Collected data entries
Lemma Vmx_c_V2_diag (K : fieldType) (q : K) (r : nat) (j : 'I_2) :
  q ^ ((j : nat).+1%:Z - (r%:Z + 2%:Z)) = (q ^+ r * q ^+ (1 - j))^-1.
Proof. by rewrite -exprD exprnN; congr (_ ^ _); case: j => [[|[|?]] ?] //=; lia. Qed.

Section V2.
Context {K : fieldType} {n : nat} {q : K}.
Hypotheses (hn : (1 < n)%N) (hq : n.-primitive_root q).

Lemma Rmat_V2 (r : nat) x1 x2 y1 y2 :
  Rmat K n q 2 r%:Z x1 x2 y1 y2 =
  ((x1 == y1)%:R * (x2 == y2)%:R + Vmx_a K 2 x1 y1 * Vmx_d K q 2 x2 y2) *
  (q ^ ((x2 : nat).+1%:Z - (r%:Z + 2%:Z))) ^+ ((r + y1) %% n)%N.
Proof.
rewrite (Rmat_expansion hn hq); have -> : n = (n - 2).+2 by lia.
rewrite !big_ord_recl big1 => [|s _]; last first.
  by rewrite Vmx_a_V2_nilpotent // !mxE !mul0r.
have qfact0 : qfact K q 0 = 1 by rewrite /qfact big_geq.
have qfact1 : qfact K q 1 = 1 by rewrite /qfact big_nat1 /qint big_ord1 expr0.
by rewrite /= qfact0 qfact1 !expr0 !expr1 !mxE !divr1 addr0 mulrDl.
Qed.

Lemma alpha_V2 : alpha K q 2 1%:Z = 1 - q^-1.
Proof.
have [q0 q1] := (prim_root_neq0 hn hq, prim_root_neq1 hn hq).
rewrite /alpha (_ : 1 - 2 = -1) // exprN1 expr1z.
by field; rewrite subr_eq0 q0 q1.
Qed.

Lemma Rcheck_V2 (r : nat) z1 z2 y1 y2 :
  q ^+ (r * r.+1) * Rcheck K n q 2 r%:Z z1 z2 y1 y2 = Rcheck2 q (q ^+ r) z1 z2 y1 y2.
Proof.
have q0 := prim_root_neq0 hn hq.
rewrite /Rcheck Rmat_V2 Vmx_c_V2_diag expr_mod; last first.
  by rewrite exprVn -exprD -exprM mulnC exprM (prim_expr_order hq) expr1n invr1.
rewrite exprD exprM exprSr; set u := q ^+ r; have u0 : u != 0 by apply: expf_neq0.
case_I2; rewrite /Rcheck2 !mxE /= ?alpha_V2 ?expr0 ?expr1;
  rewrite ?(mul0r, mulr0, mul1r, mulr1, addr0, add0r) // exprVn ?exprMn -/u.
all: by field; rewrite ?u0 ?q0 ?expf_neq0.
Qed.
End V2.

Section Rcheck2Identities.
Context {K : fieldType} {q u : K}.
Hypotheses (q0 : q != 0) (u0 : u != 0).

Lemma Rcheck2_quadratic x1 x2 y1 y2 :
  mul2 (fun x1 x2 y1 y2 => Rcheck2 q u x1 x2 y1 y2 + (-1) * id2 x1 x2 y1 y2)
       (fun x1 x2 y1 y2 => Rcheck2 q u x1 x2 y1 y2 + q^-1 * id2 x1 x2 y1 y2)
       x1 x2 y1 y2 = 0.
Proof. by rewrite /mul2 !sum_I2; case_I2; rewrite /Rcheck2 /id2 /=; field; rewrite ?q0. Qed.

Lemma Rcheck2_braid : braid2 (Rcheck2 q u).
Proof.
apply: braid2_of_sums => x1 x2 x3 z1 z2 z3; rewrite !sum_I2.
case_I2; rewrite /Rcheck2 /= ?(mul0r, mulr0, mul1r, mulr1, addr0, add0r) //.
all: by field; rewrite ?q0 ?u0.
Qed.

End Rcheck2Identities.

Section V2Commute.
Context {K : fieldType} {n : nat} {q : K}.
Hypotheses (hn : (1 < n)%N) (hq : n.-primitive_root q).
Variable r : nat.
Local Notation R2 := (Rcheck2 q (q ^+ r)).
Let q0 : q != 0 := prim_root_neq0 hn hq.
Let u0 : q ^+ r != 0 := expf_neq0 r q0.

Ltac V2_calc :=
  let x1 := fresh in let x2 := fresh in let y1 := fresh in let y2 := fresh in
  move=> x1 x2 y1 y2;
  rewrite /mul2 !sum_I2 /skew_coprod /kron ?Vmx_bE ?mxE ?Vmx_c_V2_diag;
  case_I2; rewrite /Rcheck2 /= ?(alpha_V2 hn hq) ?expr0 ?expr1;
  rewrite ?(mul0r, mulr0, mul1r, mulr1, addr0, add0r) //;
  field; rewrite ?q0 ?u0 ?mulf_neq0.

Task brief:
Please retype all of the data above exactly as written.

Expected output:
Lemma Vmx_c_V2_diag (K : fieldType) (q : K) (r : nat) (j : 'I_2) :
  q ^ ((j : nat).+1%:Z - (r%:Z + 2%:Z)) = (q ^+ r * q ^+ (1 - j))^-1.
Proof. by rewrite -exprD exprnN; congr (_ ^ _); case: j => [[|[|?]] ?] //=; lia. Qed.

Section V2.
Context {K : fieldType} {n : nat} {q : K}.
Hypotheses (hn : (1 < n)%N) (hq : n.-primitive_root q).

Lemma Rmat_V2 (r : nat) x1 x2 y1 y2 :
  Rmat K n q 2 r%:Z x1 x2 y1 y2 =
  ((x1 == y1)%:R * (x2 == y2)%:R + Vmx_a K 2 x1 y1 * Vmx_d K q 2 x2 y2) *
  (q ^ ((x2 : nat).+1%:Z - (r%:Z + 2%:Z))) ^+ ((r + y1) %% n)%N.
Proof.
rewrite (Rmat_expansion hn hq); have -> : n = (n - 2).+2 by lia.
rewrite !big_ord_recl big1 => [|s _]; last first.
  by rewrite Vmx_a_V2_nilpotent // !mxE !mul0r.
have qfact0 : qfact K q 0 = 1 by rewrite /qfact big_geq.
have qfact1 : qfact K q 1 = 1 by rewrite /qfact big_nat1 /qint big_ord1 expr0.
by rewrite /= qfact0 qfact1 !expr0 !expr1 !mxE !divr1 addr0 mulrDl.
Qed.

Lemma alpha_V2 : alpha K q 2 1%:Z = 1 - q^-1.
Proof.
have [q0 q1] := (prim_root_neq0 hn hq, prim_root_neq1 hn hq).
rewrite /alpha (_ : 1 - 2 = -1) // exprN1 expr1z.
by field; rewrite subr_eq0 q0 q1.
Qed.

Lemma Rcheck_V2 (r : nat) z1 z2 y1 y2 :
  q ^+ (r * r.+1) * Rcheck K n q 2 r%:Z z1 z2 y1 y2 = Rcheck2 q (q ^+ r) z1 z2 y1 y2.
Proof.
have q0 := prim_root_neq0 hn hq.
rewrite /Rcheck Rmat_V2 Vmx_c_V2_diag expr_mod; last first.
  by rewrite exprVn -exprD -exprM mulnC exprM (prim_expr_order hq) expr1n invr1.
rewrite exprD exprM exprSr; set u := q ^+ r; have u0 : u != 0 by apply: expf_neq0.
case_I2; rewrite /Rcheck2 !mxE /= ?alpha_V2 ?expr0 ?expr1;
  rewrite ?(mul0r, mulr0, mul1r, mulr1, addr0, add0r) // exprVn ?exprMn -/u.
all: by field; rewrite ?u0 ?q0 ?expf_neq0.
Qed.
End V2.

Section Rcheck2Identities.
Context {K : fieldType} {q u : K}.
Hypotheses (q0 : q != 0) (u0 : u != 0).

Lemma Rcheck2_quadratic x1 x2 y1 y2 :
  mul2 (fun x1 x2 y1 y2 => Rcheck2 q u x1 x2 y1 y2 + (-1) * id2 x1 x2 y1 y2)
       (fun x1 x2 y1 y2 => Rcheck2 q u x1 x2 y1 y2 + q^-1 * id2 x1 x2 y1 y2)
       x1 x2 y1 y2 = 0.
Proof. by rewrite /mul2 !sum_I2; case_I2; rewrite /Rcheck2 /id2 /=; field; rewrite ?q0. Qed.

Lemma Rcheck2_braid : braid2 (Rcheck2 q u).
Proof.
apply: braid2_of_sums => x1 x2 x3 z1 z2 z3; rewrite !sum_I2.
case_I2; rewrite /Rcheck2 /= ?(mul0r, mulr0, mul1r, mulr1, addr0, add0r) //.
all: by field; rewrite ?q0 ?u0.
Qed.

End Rcheck2Identities.

Section V2Commute.
Context {K : fieldType} {n : nat} {q : K}.
Hypotheses (hn : (1 < n)%N) (hq : n.-primitive_root q).
Variable r : nat.
Local Notation R2 := (Rcheck2 q (q ^+ r)).
Let q0 : q != 0 := prim_root_neq0 hn hq.
Let u0 : q ^+ r != 0 := expf_neq0 r q0.

Ltac V2_calc :=
  let x1 := fresh in let x2 := fresh in let y1 := fresh in let y2 := fresh in
  move=> x1 x2 y1 y2;
  rewrite /mul2 !sum_I2 /skew_coprod /kron ?Vmx_bE ?mxE ?Vmx_c_V2_diag;
  case_I2; rewrite /Rcheck2 /= ?(alpha_V2 hn hq) ?expr0 ?expr1;
  rewrite ?(mul0r, mulr0, mul1r, mulr1, addr0, add0r) //;
  field; rewrite ?q0 ?u0 ?mulf_neq0.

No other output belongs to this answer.